A current sensor, and input data based on a change in the state of the detected bioelectric current.
Data generating means for generating data, basic code melody data and the basic code melody data
And sub-code melodic data that can be combined musically with
Part music data of the specified unit length, and
Music generated based on the music data
Parts that can be connected musically without discomfort even if
A part music data storage means for storing a plurality of music data, and given input data as basic input data;
Input data given sequentially after data
Data based on the basic input data and the sub input data.
Then, one of the component music data is specified and specified.
Music data based on multiple parts music data
A music data generation device, comprising: music data generation means for generating. 2. The music data generating apparatus according to claim 1, wherein said input data generating means converts the detected input data into
Shifts the input data by one octave in the octave range
Music data generating apparatus for generating the input data . 3. The music data generation device according to claim 1, wherein the music data generation means transposes the melody data based on the first input data as transposition determination data and the transposition determination data. A music data generation device, wherein the music data is generated. 4. The music data generating device according to claim 3, wherein the data at the end of each melody data is constituted by data that is easily connected to other melody data. 5. The music data generating apparatus according to claim 4, wherein said music data generating means sets input data given after a predetermined time has passed as transposition determination data, and based on said transposition determination data, said individual music data. Changing the degree of transposition of the music data. 6. The basic code melody data and the basic code
Sub chord melody data that can be musically combined with melody data
Part music data of unit length consisting of
Music generated based on two parts music data
Even if they are played continuously, there is no musical discomfort
Multiple pieces of component music data and detect the bioelectric current of the plant with a non-contact bioelectric current sensor
And input based on the state change of the detected current body data
Generate input data and use the given input data as basic input data.

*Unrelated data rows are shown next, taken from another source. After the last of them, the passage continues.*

Lemma ideal_mul_expSr J I k j f :
  ideal_mul J (ideal_exp I k) j -> I f -> ideal_mul J (ideal_exp I k.+1) (j * f).
Proof.
move=> [n [a [b [H ->]]]] If; exists n, a, (fun i => f * b i); split.
  by move=> i; case: (H i) => Ja Ib; split=> //; apply: mem_ideal_mul.
by rewrite mulr_suml; apply: eq_bigr => i _; rewrite -mulrA [b i * f]mulrC.
Qed.

Lemma ideal_mul_exp_sub J I n : ideal_sub J I -> (1 <= n)%N ->
  ideal_sub (ideal_mul J (ideal_exp I n.-1)) (ideal_exp I n).
Proof. by case: n => // n sJI _; apply: ideal_mul_monol. Qed.

Lemma ideal_mul_cap_exp J I n j f :
  ((1 < n)%N -> ideal_sub (ideal_cap J (ideal_exp I n.-1)) (ideal_mul J (ideal_exp I n.-2))) ->
  J j -> ideal_exp I n.-1 j -> I f -> ideal_mul J (ideal_exp I n.-1) (j * f).
Proof.
case: n => [|[|n]] tf_prev Jj Ij If; try exact: mem_ideal_mul.
exact: ideal_mul_expSr (tf_prev isT j (conj Jj Ij)) If.
Qed.

Lemma aluffi_tf_of_cap_sub J I : is_ideal J -> ideal_sub J I ->
  (forall n, (1 <= n)%N ->
     ideal_sub (ideal_cap J (ideal_exp I n)) (ideal_mul J (ideal_exp I n.-1))) ->
  aluffi_tf J I.
Proof.
move=> HJ sJI tf n n_gt0 x; split; first exact: tf.
by move=> Jx; split; [apply: ideal_mul_subl Jx | apply: ideal_mul_exp_sub Jx].
Qed.

End Ideals.

Section LinearCombinations.
Variable R : comNzRingType.
Implicit Types (C D I : R -> Prop) (s fs : seq R) (x : R).

(* For an ideal [C], [lincomb C fs p] is the ideal [(fs_0, ..., fs_(p-1)) C],
   with coefficients indexed by [nat] so that [p] can vary. *)
Definition lincomb C fs p x : Prop :=
  exists g : nat -> R, (forall k, C (g k)) /\ x = \sum_(0 <= k < p) g k * fs`_k.

Lemma is_ideal_lincomb C fs p : is_ideal C -> is_ideal (lincomb C fs p).
Proof.
move=> HC; split; [|split].
- exists (fun=> 0); split=> [_|]; first exact: ideal0.
  by rewrite big1 // => k _; rewrite mul0r.
- move=> _ _ [g [Cg ->]] [h [Ch ->]]; exists (fun k => g k + h k); split.
    by move=> k; apply: idealD.
  by rewrite -big_split; apply: eq_bigr => k _; rewrite mulrDl.
- move=> r _ [g [Cg ->]]; exists (fun k => r * g k); split.
    by move=> k; apply: idealMl.
  by rewrite mulr_sumr; apply: eq_bigr => k _; rewrite mulrA.
Qed.

Lemma lincomb_widen C fs p q x :
  C 0 -> (p <= q)%N -> lincomb C fs p x -> lincomb C fs q x.
Proof.
move=> C0 le_pq [g [Cg ->]]; exists (fun k => if (k < p)%N then g k else 0).
split; first by move=> k; case: ifP.
rewrite (big_nat_widen _ _ _ _ _ le_pq) big_mkcond /=.
by apply: eq_bigr => k _; case: ifP; rewrite ?mul0r.
Qed.

Lemma lincombS C fs p x :
  lincomb C fs p.+1 x -> exists2 g, C g & lincomb C fs p (x - g * fs`_p).
Proof.
move=> [g [Cg ->]]; exists (g p) => //; exists g; split=> //.
by rewrite big_nat_recr //= addrK.
Qed.

Lemma lincomb_mull C D fs p f x : (forall c, C c -> D (f * c)) ->
  lincomb C fs p x -> lincomb D fs p (f * x).
Proof.
move=> CD [g [Cg ->]]; exists (fun k => f * g k); split=> [k|]; first exact: CD.
by rewrite mulr_sumr; apply: eq_bigr => k _; rewrite mulrA.
Qed.

Lemma gen_lincomb s x : gen s x <-> lincomb (fun _ => True) s (size s) x.
Proof.
split=> [[r ->] | [g [_ ->]]].
  exists (fun k => if insub k is Some i then r i else 0); split=> //.
  by rewrite big_mkord; apply: eq_bigr => i _; rewrite valK.
by exists (fun i => g i); rewrite big_mkord.
Qed.

Lemma gen_take_lincomb fs p x : (p <= size fs)%N ->
  gen (take p fs) x <-> lincomb (fun _ => True) fs p x.
Proof.
move=> le_p; rewrite gen_lincomb size_takel //.
have eq_sum g : \sum_(0 <= k < p) g k * (take p fs)`_k = \sum_(0 <= k < p) g k * fs`_k.
  by apply: eq_big_nat => k /andP[_ lt_kp]; rewrite nth_take.
by split=> -[g [_ ->]]; exists g; rewrite eq_sum.
Qed.

Lemma lincomb_gen_take C fs p x :
  (p <= size fs)%N -> lincomb C fs p x -> gen (take p fs) x.
Proof. by move=> le_p [g [_ ->]]; apply/gen_take_lincomb => //; exists g. Qed.

Lemma gen_take_widen fs p q x :
  (p <= q <= size fs)%N -> gen (take p fs) x -> gen (take q fs) x.
Proof.
move=> /andP[le_pq le_q]; rewrite !gen_take_lincomb ?(leq_trans le_pq) //.
exact: lincomb_widen.
Qed.

Lemma lincomb_exp_sub I fs p n x : is_ideal I -> (forall k, (k < p)%N -> I fs`_k) ->
  lincomb (ideal_exp I n.-1) fs p x -> ideal_exp I n x.
Proof.
move=> HI Ifs [g [Ig ->]]; rewrite big_seq; apply: (ideal_sum (is_ideal_exp n HI)).
move=> k; rewrite mem_index_iota => /andP[_ lt_kp]; rewrite mulrC.
exact: mem_ideal_exp_mul (Ifs k lt_kp) (Ig k).
Qed.

Lemma ideal_mul_gen_lincomb D s x :
  is_ideal D -> ideal_mul (gen s) D x -> lincomb D s (size s) x.
Proof.
move=> HD [n [a [b [H ->]]]]; apply: (ideal_sum (is_ideal_lincomb _ _ HD)) => k _.
have [/gen_lincomb Ga Db] := H k; rewrite mulrC.
by apply: lincomb_mull Ga => c _; apply: idealMr.
Qed.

Sub-input of input data sequentially given after input data
As the data, the basic input data and the sub input data
Based on the, specified any of the component music data,
Based on the identified multiple component music data, the music data
Generating a data, music data generation method comprising. 7. A storage medium storing a program that causes a computer including an input device, a control device, an output device, and a storage device to function as a music data generation device, wherein the program causes the computer to function as the following device: Beforehand, the basic chord melodic data and the basic chord
Sub chord melody data that can be musically combined with melody data
Part music data of unit length consisting of
Music generated based on two parts music data
Even if they are played continuously, there is no musical discomfort
The so that parts music data leave multiple storage, plant detected by the biological current sensor of the non-contact type living body current
Input data is generated based on the state change of the input data, and the given input data is used as basic input data.
Sub-input of input data sequentially given after input data
As the data, the basic input data and the sub input data
Based on the, specified any of the component music data,
Based on the identified multiple component music data, the music data
A storage medium storing a program for generating a data.